:: WORK REQUIRED ::
The following data has a line with "(forall x, 0" and a line with "apply: le_trans (_". Write out exactly those lines and all the lines between them.

------------------------------

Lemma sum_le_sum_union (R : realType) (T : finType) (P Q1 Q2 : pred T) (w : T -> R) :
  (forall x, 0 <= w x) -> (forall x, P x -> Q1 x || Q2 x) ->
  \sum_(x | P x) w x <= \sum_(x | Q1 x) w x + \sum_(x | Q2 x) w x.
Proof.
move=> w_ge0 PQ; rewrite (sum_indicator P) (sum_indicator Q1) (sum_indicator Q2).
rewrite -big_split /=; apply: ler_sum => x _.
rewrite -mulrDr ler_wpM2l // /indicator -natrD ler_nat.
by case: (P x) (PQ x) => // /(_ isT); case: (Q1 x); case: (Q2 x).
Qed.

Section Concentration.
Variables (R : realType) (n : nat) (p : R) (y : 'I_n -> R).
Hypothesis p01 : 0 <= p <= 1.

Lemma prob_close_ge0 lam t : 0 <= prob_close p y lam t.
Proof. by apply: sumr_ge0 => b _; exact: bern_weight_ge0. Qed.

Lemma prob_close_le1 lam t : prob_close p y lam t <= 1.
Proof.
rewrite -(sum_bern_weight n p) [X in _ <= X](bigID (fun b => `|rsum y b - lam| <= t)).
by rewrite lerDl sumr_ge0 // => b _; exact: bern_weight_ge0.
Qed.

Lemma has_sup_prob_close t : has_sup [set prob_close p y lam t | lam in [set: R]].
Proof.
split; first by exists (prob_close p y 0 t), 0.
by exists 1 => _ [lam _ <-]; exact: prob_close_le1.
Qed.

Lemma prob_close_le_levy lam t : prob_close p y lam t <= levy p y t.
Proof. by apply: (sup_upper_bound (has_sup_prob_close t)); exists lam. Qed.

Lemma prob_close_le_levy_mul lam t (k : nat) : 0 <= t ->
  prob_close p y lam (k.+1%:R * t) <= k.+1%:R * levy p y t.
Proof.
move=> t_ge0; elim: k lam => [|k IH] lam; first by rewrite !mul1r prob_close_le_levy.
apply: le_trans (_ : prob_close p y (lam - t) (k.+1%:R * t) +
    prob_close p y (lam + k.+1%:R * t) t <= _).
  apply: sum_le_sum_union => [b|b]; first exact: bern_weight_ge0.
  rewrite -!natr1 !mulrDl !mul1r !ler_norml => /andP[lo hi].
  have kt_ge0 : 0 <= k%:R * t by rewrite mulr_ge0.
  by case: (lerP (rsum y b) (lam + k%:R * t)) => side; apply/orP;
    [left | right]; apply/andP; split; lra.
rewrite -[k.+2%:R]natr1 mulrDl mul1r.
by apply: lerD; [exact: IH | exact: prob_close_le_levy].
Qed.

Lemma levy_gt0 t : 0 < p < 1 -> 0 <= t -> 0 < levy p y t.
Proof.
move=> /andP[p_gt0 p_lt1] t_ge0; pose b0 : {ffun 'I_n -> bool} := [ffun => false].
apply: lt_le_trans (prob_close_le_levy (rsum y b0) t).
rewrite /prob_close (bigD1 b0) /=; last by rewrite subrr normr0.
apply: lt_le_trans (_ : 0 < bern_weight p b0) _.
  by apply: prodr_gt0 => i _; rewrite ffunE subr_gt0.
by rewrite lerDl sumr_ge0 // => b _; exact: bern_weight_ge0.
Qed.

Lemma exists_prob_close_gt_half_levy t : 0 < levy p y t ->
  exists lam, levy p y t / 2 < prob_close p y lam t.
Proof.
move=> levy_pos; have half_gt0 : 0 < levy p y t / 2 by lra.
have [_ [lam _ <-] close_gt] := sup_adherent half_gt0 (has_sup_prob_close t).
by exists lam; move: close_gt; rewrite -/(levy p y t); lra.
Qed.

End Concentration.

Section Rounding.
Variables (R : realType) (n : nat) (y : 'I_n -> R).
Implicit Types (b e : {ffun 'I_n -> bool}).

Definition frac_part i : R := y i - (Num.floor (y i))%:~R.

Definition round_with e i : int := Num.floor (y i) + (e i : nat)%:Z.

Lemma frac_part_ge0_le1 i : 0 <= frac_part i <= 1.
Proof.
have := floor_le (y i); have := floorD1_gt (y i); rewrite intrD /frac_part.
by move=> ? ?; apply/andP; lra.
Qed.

------------------------------

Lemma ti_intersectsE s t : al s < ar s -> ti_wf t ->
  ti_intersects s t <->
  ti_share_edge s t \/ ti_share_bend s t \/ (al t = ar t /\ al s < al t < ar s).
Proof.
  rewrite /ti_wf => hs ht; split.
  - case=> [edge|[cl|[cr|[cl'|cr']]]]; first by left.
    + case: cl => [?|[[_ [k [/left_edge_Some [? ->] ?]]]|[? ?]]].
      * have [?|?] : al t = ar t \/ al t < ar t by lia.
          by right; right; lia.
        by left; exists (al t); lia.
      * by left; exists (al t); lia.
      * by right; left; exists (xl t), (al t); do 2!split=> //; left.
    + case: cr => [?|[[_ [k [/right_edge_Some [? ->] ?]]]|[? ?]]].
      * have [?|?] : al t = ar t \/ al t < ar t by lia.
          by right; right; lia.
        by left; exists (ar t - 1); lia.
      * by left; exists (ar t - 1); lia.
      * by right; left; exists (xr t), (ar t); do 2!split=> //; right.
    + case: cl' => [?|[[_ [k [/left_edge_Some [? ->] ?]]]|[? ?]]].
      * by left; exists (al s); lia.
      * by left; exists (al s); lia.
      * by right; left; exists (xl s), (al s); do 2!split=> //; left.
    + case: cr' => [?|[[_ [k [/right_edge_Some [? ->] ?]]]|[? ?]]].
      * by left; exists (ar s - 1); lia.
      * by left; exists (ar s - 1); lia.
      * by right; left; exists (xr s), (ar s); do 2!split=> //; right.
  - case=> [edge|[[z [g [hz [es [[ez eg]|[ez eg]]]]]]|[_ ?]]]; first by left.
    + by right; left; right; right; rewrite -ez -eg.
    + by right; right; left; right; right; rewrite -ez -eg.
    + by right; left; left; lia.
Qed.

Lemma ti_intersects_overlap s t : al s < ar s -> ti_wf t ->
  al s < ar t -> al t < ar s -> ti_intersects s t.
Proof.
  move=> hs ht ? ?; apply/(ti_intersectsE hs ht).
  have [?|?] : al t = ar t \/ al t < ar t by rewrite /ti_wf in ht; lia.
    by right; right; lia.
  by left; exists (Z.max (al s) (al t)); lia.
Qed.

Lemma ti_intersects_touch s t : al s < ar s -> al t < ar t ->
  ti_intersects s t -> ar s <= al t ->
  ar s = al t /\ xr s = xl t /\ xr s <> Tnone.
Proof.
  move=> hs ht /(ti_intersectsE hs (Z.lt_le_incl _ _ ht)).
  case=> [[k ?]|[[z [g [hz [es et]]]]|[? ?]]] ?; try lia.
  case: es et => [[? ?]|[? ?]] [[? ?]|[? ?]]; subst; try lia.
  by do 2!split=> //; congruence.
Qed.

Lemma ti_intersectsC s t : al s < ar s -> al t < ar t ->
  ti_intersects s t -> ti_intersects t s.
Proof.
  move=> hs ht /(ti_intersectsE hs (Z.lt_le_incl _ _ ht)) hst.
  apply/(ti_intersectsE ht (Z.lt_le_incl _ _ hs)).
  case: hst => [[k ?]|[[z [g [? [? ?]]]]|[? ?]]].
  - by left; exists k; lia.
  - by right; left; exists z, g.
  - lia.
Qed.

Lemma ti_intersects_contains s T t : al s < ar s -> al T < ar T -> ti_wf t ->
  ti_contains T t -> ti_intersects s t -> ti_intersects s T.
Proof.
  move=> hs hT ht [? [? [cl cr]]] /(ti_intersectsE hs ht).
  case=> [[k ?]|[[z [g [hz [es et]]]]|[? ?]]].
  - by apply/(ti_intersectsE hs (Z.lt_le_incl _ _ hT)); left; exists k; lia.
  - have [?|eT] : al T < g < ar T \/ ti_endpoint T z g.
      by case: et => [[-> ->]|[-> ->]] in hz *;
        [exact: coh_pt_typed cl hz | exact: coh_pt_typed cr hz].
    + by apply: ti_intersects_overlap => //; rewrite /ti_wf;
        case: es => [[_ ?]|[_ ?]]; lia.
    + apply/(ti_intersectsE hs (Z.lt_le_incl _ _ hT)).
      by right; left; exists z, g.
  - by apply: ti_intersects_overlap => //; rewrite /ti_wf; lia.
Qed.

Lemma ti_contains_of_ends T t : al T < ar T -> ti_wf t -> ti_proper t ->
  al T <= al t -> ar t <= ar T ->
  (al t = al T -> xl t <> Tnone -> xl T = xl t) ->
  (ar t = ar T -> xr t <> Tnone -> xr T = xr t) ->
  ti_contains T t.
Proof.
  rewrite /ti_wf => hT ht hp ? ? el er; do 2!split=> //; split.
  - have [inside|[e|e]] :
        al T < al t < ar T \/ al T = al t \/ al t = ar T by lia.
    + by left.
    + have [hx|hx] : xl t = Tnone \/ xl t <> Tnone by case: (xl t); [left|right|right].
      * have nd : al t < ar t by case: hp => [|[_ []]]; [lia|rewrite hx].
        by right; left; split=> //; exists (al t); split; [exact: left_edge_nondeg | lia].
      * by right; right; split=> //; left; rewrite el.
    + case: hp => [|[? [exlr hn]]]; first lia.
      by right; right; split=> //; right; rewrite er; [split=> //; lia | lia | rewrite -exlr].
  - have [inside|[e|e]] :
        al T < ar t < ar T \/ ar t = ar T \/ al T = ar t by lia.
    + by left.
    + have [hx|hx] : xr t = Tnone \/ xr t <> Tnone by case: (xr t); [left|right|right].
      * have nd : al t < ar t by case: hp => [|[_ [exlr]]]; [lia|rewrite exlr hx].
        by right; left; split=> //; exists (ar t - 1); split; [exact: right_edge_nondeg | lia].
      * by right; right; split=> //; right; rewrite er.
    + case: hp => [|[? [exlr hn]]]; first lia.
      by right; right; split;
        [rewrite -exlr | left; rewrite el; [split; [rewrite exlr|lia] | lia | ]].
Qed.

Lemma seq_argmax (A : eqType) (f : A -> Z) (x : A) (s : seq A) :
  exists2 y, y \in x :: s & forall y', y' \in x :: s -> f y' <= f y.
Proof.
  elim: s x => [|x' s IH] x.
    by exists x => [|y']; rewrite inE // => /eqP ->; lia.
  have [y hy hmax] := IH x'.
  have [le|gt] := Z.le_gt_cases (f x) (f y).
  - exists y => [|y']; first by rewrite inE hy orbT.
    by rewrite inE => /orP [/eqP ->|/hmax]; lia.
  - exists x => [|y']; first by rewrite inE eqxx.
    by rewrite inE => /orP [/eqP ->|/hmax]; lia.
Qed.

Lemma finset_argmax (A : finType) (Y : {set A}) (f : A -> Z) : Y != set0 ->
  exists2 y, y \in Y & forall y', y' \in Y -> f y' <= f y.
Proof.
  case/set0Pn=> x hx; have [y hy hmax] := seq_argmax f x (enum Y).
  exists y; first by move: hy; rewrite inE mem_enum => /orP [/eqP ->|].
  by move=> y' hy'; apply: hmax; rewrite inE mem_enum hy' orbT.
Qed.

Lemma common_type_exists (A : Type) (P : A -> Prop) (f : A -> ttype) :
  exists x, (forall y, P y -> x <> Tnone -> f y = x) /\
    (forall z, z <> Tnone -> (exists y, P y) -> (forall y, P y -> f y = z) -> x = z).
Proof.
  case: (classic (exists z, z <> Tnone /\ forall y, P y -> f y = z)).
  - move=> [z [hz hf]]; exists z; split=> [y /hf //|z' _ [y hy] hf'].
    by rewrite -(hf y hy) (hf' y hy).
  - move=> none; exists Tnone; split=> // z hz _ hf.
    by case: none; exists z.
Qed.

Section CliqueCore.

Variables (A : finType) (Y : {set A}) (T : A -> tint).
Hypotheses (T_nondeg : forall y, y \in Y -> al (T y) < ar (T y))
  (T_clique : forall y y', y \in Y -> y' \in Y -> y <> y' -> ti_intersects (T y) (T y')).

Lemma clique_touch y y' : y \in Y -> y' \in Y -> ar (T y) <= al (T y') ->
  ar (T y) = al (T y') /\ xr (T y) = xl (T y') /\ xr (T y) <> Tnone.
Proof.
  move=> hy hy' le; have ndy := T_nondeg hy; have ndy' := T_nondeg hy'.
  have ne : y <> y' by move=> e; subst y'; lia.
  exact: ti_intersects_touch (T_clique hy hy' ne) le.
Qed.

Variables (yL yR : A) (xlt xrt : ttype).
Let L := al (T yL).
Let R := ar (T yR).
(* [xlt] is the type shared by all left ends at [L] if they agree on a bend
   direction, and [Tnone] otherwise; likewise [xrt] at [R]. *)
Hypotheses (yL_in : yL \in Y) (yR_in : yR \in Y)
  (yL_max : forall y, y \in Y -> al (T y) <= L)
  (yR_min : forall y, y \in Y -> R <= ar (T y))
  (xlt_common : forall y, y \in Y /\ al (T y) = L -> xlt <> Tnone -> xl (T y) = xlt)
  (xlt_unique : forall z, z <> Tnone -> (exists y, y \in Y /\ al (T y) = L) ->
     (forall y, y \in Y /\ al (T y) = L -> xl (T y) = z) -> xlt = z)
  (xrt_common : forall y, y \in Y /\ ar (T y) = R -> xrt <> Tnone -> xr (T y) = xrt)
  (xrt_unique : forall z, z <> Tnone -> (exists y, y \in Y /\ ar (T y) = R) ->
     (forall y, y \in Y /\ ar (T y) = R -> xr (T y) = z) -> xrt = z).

------------------------------

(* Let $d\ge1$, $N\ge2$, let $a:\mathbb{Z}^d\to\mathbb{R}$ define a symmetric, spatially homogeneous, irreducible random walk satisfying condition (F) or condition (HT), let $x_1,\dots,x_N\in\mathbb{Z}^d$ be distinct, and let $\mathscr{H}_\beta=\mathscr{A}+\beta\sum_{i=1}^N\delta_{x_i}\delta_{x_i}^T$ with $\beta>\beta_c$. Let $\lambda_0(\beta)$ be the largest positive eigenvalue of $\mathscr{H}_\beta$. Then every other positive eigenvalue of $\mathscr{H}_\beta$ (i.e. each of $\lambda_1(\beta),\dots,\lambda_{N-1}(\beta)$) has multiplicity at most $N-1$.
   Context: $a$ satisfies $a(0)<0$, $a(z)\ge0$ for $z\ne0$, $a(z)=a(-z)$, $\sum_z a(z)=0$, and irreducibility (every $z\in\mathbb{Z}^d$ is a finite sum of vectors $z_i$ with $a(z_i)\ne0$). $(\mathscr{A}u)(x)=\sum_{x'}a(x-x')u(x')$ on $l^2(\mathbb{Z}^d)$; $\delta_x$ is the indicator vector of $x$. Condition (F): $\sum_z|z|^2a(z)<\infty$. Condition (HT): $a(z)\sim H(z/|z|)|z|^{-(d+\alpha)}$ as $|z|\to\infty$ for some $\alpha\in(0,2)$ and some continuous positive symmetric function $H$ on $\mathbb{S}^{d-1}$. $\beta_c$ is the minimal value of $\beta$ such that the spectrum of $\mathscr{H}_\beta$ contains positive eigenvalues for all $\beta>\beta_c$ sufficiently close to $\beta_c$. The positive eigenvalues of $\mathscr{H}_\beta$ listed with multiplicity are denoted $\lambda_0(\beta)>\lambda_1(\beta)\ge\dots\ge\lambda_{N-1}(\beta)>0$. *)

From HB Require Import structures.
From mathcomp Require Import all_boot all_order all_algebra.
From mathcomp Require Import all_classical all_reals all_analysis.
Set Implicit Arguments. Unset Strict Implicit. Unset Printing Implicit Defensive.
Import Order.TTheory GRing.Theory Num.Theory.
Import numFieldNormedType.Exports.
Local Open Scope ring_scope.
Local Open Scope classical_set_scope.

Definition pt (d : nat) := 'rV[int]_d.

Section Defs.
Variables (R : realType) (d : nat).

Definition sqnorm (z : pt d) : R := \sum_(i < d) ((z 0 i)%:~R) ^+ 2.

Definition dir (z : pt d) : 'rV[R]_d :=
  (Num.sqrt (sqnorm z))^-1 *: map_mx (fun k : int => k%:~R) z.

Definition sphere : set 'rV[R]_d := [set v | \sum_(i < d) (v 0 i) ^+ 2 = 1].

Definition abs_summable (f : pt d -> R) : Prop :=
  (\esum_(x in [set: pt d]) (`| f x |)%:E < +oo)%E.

------------------------------

:: THE COMPLETED TASK ::
  (forall x, 0 <= w x) -> (forall x, P x -> Q1 x || Q2 x) ->
  \sum_(x | P x) w x <= \sum_(x | Q1 x) w x + \sum_(x | Q2 x) w x.
Proof.
move=> w_ge0 PQ; rewrite (sum_indicator P) (sum_indicator Q1) (sum_indicator Q2).
rewrite -big_split /=; apply: ler_sum => x _.
rewrite -mulrDr ler_wpM2l // /indicator -natrD ler_nat.
by case: (P x) (PQ x) => // /(_ isT); case: (Q1 x); case: (Q2 x).
Qed.

Section Concentration.
Variables (R : realType) (n : nat) (p : R) (y : 'I_n -> R).
Hypothesis p01 : 0 <= p <= 1.

Lemma prob_close_ge0 lam t : 0 <= prob_close p y lam t.
Proof. by apply: sumr_ge0 => b _; exact: bern_weight_ge0. Qed.

Lemma prob_close_le1 lam t : prob_close p y lam t <= 1.
Proof.
rewrite -(sum_bern_weight n p) [X in _ <= X](bigID (fun b => `|rsum y b - lam| <= t)).
by rewrite lerDl sumr_ge0 // => b _; exact: bern_weight_ge0.
Qed.

Lemma has_sup_prob_close t : has_sup [set prob_close p y lam t | lam in [set: R]].
Proof.
split; first by exists (prob_close p y 0 t), 0.
by exists 1 => _ [lam _ <-]; exact: prob_close_le1.
Qed.

Lemma prob_close_le_levy lam t : prob_close p y lam t <= levy p y t.
Proof. by apply: (sup_upper_bound (has_sup_prob_close t)); exists lam. Qed.

Lemma prob_close_le_levy_mul lam t (k : nat) : 0 <= t ->
  prob_close p y lam (k.+1%:R * t) <= k.+1%:R * levy p y t.
Proof.
move=> t_ge0; elim: k lam => [|k IH] lam; first by rewrite !mul1r prob_close_le_levy.
apply: le_trans (_ : prob_close p y (lam - t) (k.+1%:R * t) +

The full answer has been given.